(* Let $(\varepsilon^-_n)$, $(\varepsilon^+_n)$ be sequences with $\varepsilon^-_n\le\varepsilon^+_n$, $n^{1/3}\varepsilon^-_n\to\infty$ and $\varepsilon^+_n\to0$; let $\varepsilon_n\in[\varepsilon^-_n,\varepsilon^+_n]$, $\gamma\in[-1,1]$ and $p_n=\frac1n(1+\gamma\varepsilon_n)$. Define the process $(S_k)_{k\ge0}$ by $S_0=0$ and $S_k=S_{k-1}+X_k-1$ for $k\ge1$, where conditionally on $X_1,\dots,X_{k-1}$, $X_k$ has the Binomial$(n-k-S_{k-1},p_n)$ distribution. Then for every $\eta>0$ there is $\kappa>0$, depending only on $\eta$ and $(\varepsilon^\pm_n)$, such that \[ \mathbb{P}\left(\sup_{0\le k\le 3n\varepsilon_n}\frac{1}{n\varepsilon_n^2}\left|S_k-k\left(\gamma\varepsilon_n-\frac{k}{2n}\right)\right|>\eta\right)\le\exp(-\kappa n\varepsilon_n^3), \] the supremum being over integers $k$. *)

From HB Require Import structures.
From mathcomp Require Import all_boot all_order all_algebra.
From mathcomp Require Import all_classical all_reals all_analysis.
Set Implicit Arguments. Unset Strict Implicit. Unset Printing Implicit Defensive.
Import Order.TTheory GRing.Theory Num.Theory.
Local Open Scope ring_scope.

Definition binom_pmf (R : realType) (N : nat) (p : R) (x : nat) : R :=
  ('C(N, x))%:R * p ^+ x * (1 - p) ^+ (N - x).

(* A realisation of (X_1, ..., X_K) is x : {ffun 'I_K -> 'I_n.+1}
   (x i is X_{i+1}; note X_k <= n - k - S_{k-1} <= n always).
   S_k = X_1 + ... + X_k - k, for 0 <= k <= K. *)
Definition Spath (n K : nat) (x : {ffun 'I_K -> 'I_n.+1}) (k : nat) : int :=
  (\sum_(i < K | (i < k)%N) ((x i : nat)%:Z)) - k%:Z.

(* The number n - k - S_{k-1} is always >= 0
   on the support (S_{k-1} <= n - k), so taking its absolute value is harmless. *)
Definition path_prob (R : realType) (n K : nat) (p : R)
    (x : {ffun 'I_K -> 'I_n.+1}) : R :=
  \prod_(i < K) binom_pmf (absz (n%:Z - (i.+1)%:Z - Spath x i)%R) p (x i).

▸ **Exercise brief**
All of the entries are to be set down again without alteration.

▸ **Task answer**
(* Let $(\varepsilon^-_n)$, $(\varepsilon^+_n)$ be sequences with $\varepsilon^-_n\le\varepsilon^+_n$, $n^{1/3}\varepsilon^-_n\to\infty$ and $\varepsilon^+_n\to0$; let $\varepsilon_n\in[\varepsilon^-_n,\varepsilon^+_n]$, $\gamma\in[-1,1]$ and $p_n=\frac1n(1+\gamma\varepsilon_n)$. Define the process $(S_k)_{k\ge0}$ by $S_0=0$ and $S_k=S_{k-1}+X_k-1$ for $k\ge1$, where conditionally on $X_1,\dots,X_{k-1}$, $X_k$ has the Binomial$(n-k-S_{k-1},p_n)$ distribution. Then for every $\eta>0$ there is $\kappa>0$, depending only on $\eta$ and $(\varepsilon^\pm_n)$, such that \[ \mathbb{P}\left(\sup_{0\le k\le 3n\varepsilon_n}\frac{1}{n\varepsilon_n^2}\left|S_k-k\left(\gamma\varepsilon_n-\frac{k}{2n}\right)\right|>\eta\right)\le\exp(-\kappa n\varepsilon_n^3), \] the supremum being over integers $k$. *)

From HB Require Import structures.
From mathcomp Require Import all_boot all_order all_algebra.
From mathcomp Require Import all_classical all_reals all_analysis.
Set Implicit Arguments. Unset Strict Implicit. Unset Printing Implicit Defensive.
Import Order.TTheory GRing.Theory Num.Theory.
Local Open Scope ring_scope.

Definition binom_pmf (R : realType) (N : nat) (p : R) (x : nat) : R :=
  ('C(N, x))%:R * p ^+ x * (1 - p) ^+ (N - x).

(* A realisation of (X_1, ..., X_K) is x : {ffun 'I_K -> 'I_n.+1}
   (x i is X_{i+1}; note X_k <= n - k - S_{k-1} <= n always).
   S_k = X_1 + ... + X_k - k, for 0 <= k <= K. *)
Definition Spath (n K : nat) (x : {ffun 'I_K -> 'I_n.+1}) (k : nat) : int :=
  (\sum_(i < K | (i < k)%N) ((x i : nat)%:Z)) - k%:Z.

(* The number n - k - S_{k-1} is always >= 0
   on the support (S_{k-1} <= n - k), so taking its absolute value is harmless. *)
Definition path_prob (R : realType) (n K : nat) (p : R)
    (x : {ffun 'I_K -> 'I_n.+1}) : R :=
  \prod_(i < K) binom_pmf (absz (n%:Z - (i.+1)%:Z - Spath x i)%R) p (x i).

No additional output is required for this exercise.